The more batch size, the better.



batch size time train mean loss SSE score
64 10855.791047 0.302706 130.547356431 0
128 10692.346976 0.355007 126.1506579977 0
256 11432.415434 0.719253 125.145132211 3878.5556403073
512 11727.674402 0.901692 122.4872463326 25034.6092029519
1024 9788.413161 1.126872 120.8812013435 37818.2934424894

#coding: utf-8
import numpy as np
import sys
import chainer
from chainer import cuda
import chainer.functions as F
from chainer import optimizers
import time
import cPickle

#epoch: 20, time: 10692.346976, train mean loss: 0.355007
#SSE = 126.15065799772859
#SSE Base = 125.63240448203754
#SSE on [angry] = 10.759377271761652
#SSE on [anxious] = 9.174422347429728
#SSE on [confident] = 13.666987468290872
#SSE on [happy] = 49.13119229673229
#SSE on [neutral] = 31.023431109263406
#SSE on [sad] = 6.87797579854229
#SSE on [surprised] = 5.517271705708345
#Score  = 0.0


class FacialEmotions:
    def __init__(self):
        self.startTime = time.clock();

        
#        self.useMax = True
        self.useMax = False


#        self.useModel = True
        self.useModel = False

#        self.train_size10 = True
        self.train_size10 = False

        self.train = []
        self.train_result = []
        self.train_index = 0
        self.test = []
        self.test_index = 0


        self.batchsize = 128
        self.useSmallImage = True
#        self.useSmallImage = False
        self.size = 64
        self.model = chainer.FunctionSet(conv1=F.Convolution2D(3, 32, 3, pad=1),
#                                         l1=F.Linear(32*(self.size/2)*(self.size/2), 256),
                                         conv2=F.Convolution2D(32, 64, 3, pad=1),
                                         l1=F.Linear(64*(self.size/4)*(self.size/4), 256),
#                                         conv3=F.Convolution2D(64, 128, 3, pad=1),
#                                         l1=F.Linear(128*(self.size/8)*(self.size/8), 256),
#                                         conv4=F.Convolution2D(128, 256, 3, pad=1),
#                                         l1=F.Linear(256*(self.size/16)*(self.size/16), 256),
#                                         conv5=F.Convolution2D(256, 512, 3, pad=1),
#                                         l1=F.Linear(512*(self.size/32)*(self.size/32), 256),
                                         l2=F.Linear(256, 7))
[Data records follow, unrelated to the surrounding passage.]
(* [v0, v1] = a v1 + b v2, [v0, v2] = c v1 + d v2 and the bracket of odd basis
   vectors is the symmetric form [[al, be], [be, ga]] times v0 *)
Definition mixed_constants (K : fieldType) (a b c d al be ga : K) (i j k : nat) : K :=
  match i, j, k with
  | 0%N, 1%N, 1%N => a | 0%N, 1%N, 2%N => b | 0%N, 2%N, 1%N => c | 0%N, 2%N, 2%N => d
  | 1%N, 0%N, 1%N => - a | 1%N, 0%N, 2%N => - b
  | 2%N, 0%N, 1%N => - c | 2%N, 0%N, 2%N => - d
  | 1%N, 1%N, 0%N => al | 1%N, 2%N, 0%N => be | 2%N, 1%N, 0%N => be
  | 2%N, 2%N, 0%N => ga
  | _, _, _ => 0
  end.

Section Superalgebra.
Variables (K : fieldType) (V : vectType K) (L0 L1 : {vspace V}) (br : V -> V -> V).
Hypothesis hL : is_lie_superalgebra L0 L1 br.
Hypothesis hd : \dim (fullv : {vspace V}) = 3%N.
Hypothesis hnil : nilpotent br.
Hypothesis h2 : (2%:R : K) != 0.

Let hsum : (L0 + L1)%VS = fullv. Proof. by case: hL => [[]]. Qed.
Let hdir : directv (L0 + L1). Proof. by case: hL => [[]]. Qed.
Let hl : forall (a : K) (x y z : V), br (a *: x + y) z = a *: br x z + br y z.
Proof. by case: hL => _ []. Qed.
Let hr : forall (a : K) (x y z : V), br x (a *: y + z) = a *: br x y + br x z.
Proof. by case: hL => _ [_ []]. Qed.
Let hgr : forall (a b : bool) (x y : V), homog L0 L1 a x -> homog L0 L1 b y ->
  homog L0 L1 (a (+) b) (br x y).
Proof. by case: hL => _ [_ [_ []]]. Qed.
Let hskew : forall (a b : bool) (x y : V), homog L0 L1 a x -> homog L0 L1 b y ->
  br x y = - ((-1) ^+ (a && b) *: br y x).
Proof. by case: hL => _ [_ [_ [_ []]]]. Qed.

Lemma br_even_even x y : x \in L0 -> y \in L0 -> br x y \in L0.
Proof. by move=> hx hy; apply: (hgr (a := false) (b := false)). Qed.
Lemma br_even_odd x y : x \in L0 -> y \in L1 -> br x y \in L1.
Proof. by move=> hx hy; apply: (hgr (a := false) (b := true)). Qed.
Lemma br_odd_odd x y : x \in L1 -> y \in L1 -> br x y \in L0.
Proof. by move=> hx hy; apply: (hgr (a := true) (b := true)). Qed.

Lemma br_odd_sym x y : x \in L1 -> y \in L1 -> br x y = br y x.
Proof.
by move=> hx hy; rewrite (hskew (a := true) (b := true)) // expr1 scaleN1r opprK.
Qed.

Lemma br_even_skew x y : x \in L0 -> br y x = - br x y.
Proof.
move=> hx; have : y \in (L0 + L1)%VS by rewrite hsum memvf.
case/memv_addP => y0 hy0 [y1 hy1 ->]; rewrite (brDl hl) (brDr hr) opprD.
rewrite (hskew (a := false) (b := false) hy0 hx).
by rewrite (hskew (a := true) (b := false) hy1 hx) !expr0 !scale1r.
Qed.

Lemma br_even_self x : x \in L0 -> br x x = 0.
Proof.
move=> hx; apply/eqP; have := br_even_skew x hx; move/eqP.
rewrite -subr_eq0 opprK -mulr2n -scaler_nat scaler_eq0.
by rewrite (negPf h2).
Qed.

Lemma iso_sdim03 (v0 v1 v2 : V) : free [:: v0; v1; v2] -> L0 = 0%VS ->
  iso_model L0 L1 br 0 [::].
Proof.
move=> hf HL0; have E x : x \in L1 by rewrite -[L1]add0v -HL0 hsum memvf.
have Z x y : br x y = 0.
  by apply/eqP; rewrite -memv0 -HL0; apply: br_odd_odd.
by apply: (iso_abelian hl hr hdir hd hf); rewrite ?E ?Z.
Qed.

Lemma iso_sdim30 (v0 v1 v2 : V) : free [:: v0; v1; v2] -> L1 = 0%VS ->
  iso_model L0 L1 br 3 [::] \/
  iso_model L0 L1 br 3 [:: (0, 1, e K 2); (1, 0, - e K 2)]%N.
Proof.
move=> hf HL1; have E x : x \in L0 by rewrite -[L0]addv0 -HL1 hsum memvf.
have [H0|nz1] := eqVneq (lcs br 1) 0%VS.
  by left; apply: (iso_abelian hl hr hdir hd hf); rewrite ?E ?(lcs1_eq0 hl hr H0).
right; have [c [c0 c1 cz]] := exists_central_lcs1 hl hr hnil nz1.
have zc v : br v c = 0 by rewrite br_even_skew ?E // cz oppr0.
have [u [w hf']] := free_extend1 hd c0.
have line x y : br x y \in <[br u w]>%VS.
  have [k0 [k1 [k2 ->]]] := comb3_surj hf' hd x.
  have [l0 [l1 [l2 ->]]] := comb3_surj hf' hd y.
  rewrite (br_comb3 hl hr) !cz !zc !br_even_self ?E // (br_even_skew w (E u)).
  by rewrite !scaler0 !add0r !addr0 memvD // memvZ // ?memvN memv_line.
have /vlineP [lam clam] : c \in <[br u w]>%VS by apply: (subvP (lcs1_sub line)).
have lam0 : lam != 0 by apply: contraNneq c0 => lam0; rewrite clam lam0 scale0r.
have hE : br u w = lam^-1 *: c by rewrite clam scalerA mulVf // scale1r.
have hz v : br (br u w) v = 0 by rewrite hE (brZl hl) cz scaler0.
have zh v : br v (br u w) = 0 by rewrite hE (brZr hr) zc scaler0.
apply: (iso_heisenberg (m := 3) (w0 := u) (w1 := w) (w2 := br u w) hl hr hdir hd);
  rewrite /= ?E ?br_even_self ?hz ?zh //; last by rewrite br_even_skew ?E.
have -> : [:: u; w; br u w] =
    [:: comb3 c u w 0 1 0; comb3 c u w 0 0 1; comb3 c u w lam^-1 0 0].
  by rewrite hE /comb3 !scale0r !scale1r !add0r !addr0.
apply: free_comb3 => //.
by rewrite /det3 !(mul0r, mulr0, mul1r, mulr1, subr0, sub0r, addr0, add0r) opprK invr_eq0.
Qed.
        self.folder = "./python/layer2/mini-batch" + str(self.batchsize) + "/"
 
        
    def newImage(self, img):
        size = self.size

        original = np.zeros((3,250,250))
        for r in range(250):
            for c in range(250):
                value = img[r * 250 + c]
                red = (value >> 16) & 255
                green = (value >> 8) & 255
                blue = (value >> 0) & 255
                original[0][r][c] = red
                original[1][r][c] = green
                original[2][r][c] = blue
        
        if self.useSmallImage == True:
            small = np.zeros((3,125,125))
            for color in range(3):
                for r in range(125):
                    for c in range(125):
                        value = original[color][2*r][2*c]
                        value += original[color][2*r][2*c+1]
                        value += original[color][2*r+1][2*c]
                        value += original[color][2*r+1][2*c+1]
                        small[color][r][c] = value/4.0

            res = np.zeros((3,size,size))
            for color in range(3):
                for r in range(size):
                    for c in range(size):
                            res[color][r][c] = small[color][(125/2) - (size/2) + r][(125/2) - (size/2) + c]
        else:
            res = np.zeros((3,size,size))
            for color in range(3):
                for r in range(size):
                    for c in range(size):
                        res[color][r][c] = original[color][(250/2) - (size/2) + r][(250/2) - (size/2) + c]
        return res


    def newImage0(self, img):
        size = 250
        newImg = np.zeros((3,size,size))
        for r in range(size):
            for c in range(size):
                value = img[r*250+c]
                red = (value >> 16) & 255
                green = (value >> 8) & 255
                blue = (value >> 0) & 255
                newImg[0][r][c] = red
                newImg[1][r][c] = green
                newImg[2][r][c] = blue
        return newImg
        
    def training(self, img,emot,*args):
        if self.train_index % 100 == 0:
            print >> sys.stderr, self.train_index

        if self.useModel == True:
            return 1
        
        self.train.append(self.newImage(img))
        
        emotion = 0
        for i in range(7):
            emotion += (i+0) * emot[i]
        self.train_result.append(emotion)
        
        
        self.train_index+=1
        
        if self.train_size10 == True and self.train_index == 10:
            return 1
        return 0
        
    def testing(self, img,*args):
        if self.useModel == True and self.test_index == 0:
            pkl_file = open(self.folder + "FacialEmotions.pkl", "rb")
            self.model = cPickle.load(pkl_file)


        elif self.test_index == 0:
            
            self.train = np.array(self.train, dtype=np.float32)
            self.train_result = np.array(self.train_result, dtype=np.int32)
            self.test = np.array(self.test, dtype=np.float32)

            self.train /= 255.0
            self.test /= 255.0
            
            def forward(x_data, y_data, train=True):
                x, t = chainer.Variable(x_data), chainer.Variable(y_data)
                h = F.max_pooling_2d(F.relu(self.model.conv1(x)), 2)
                h = F.max_pooling_2d(F.relu(self.model.conv2(h)), 2)
                h = F.dropout(F.relu(self.model.l1(h)), train=train)
                y = self.model.l2(h)
                if train:
                    return F.softmax_cross_entropy(y, t)
                else:
                    return F.accuracy(y, t)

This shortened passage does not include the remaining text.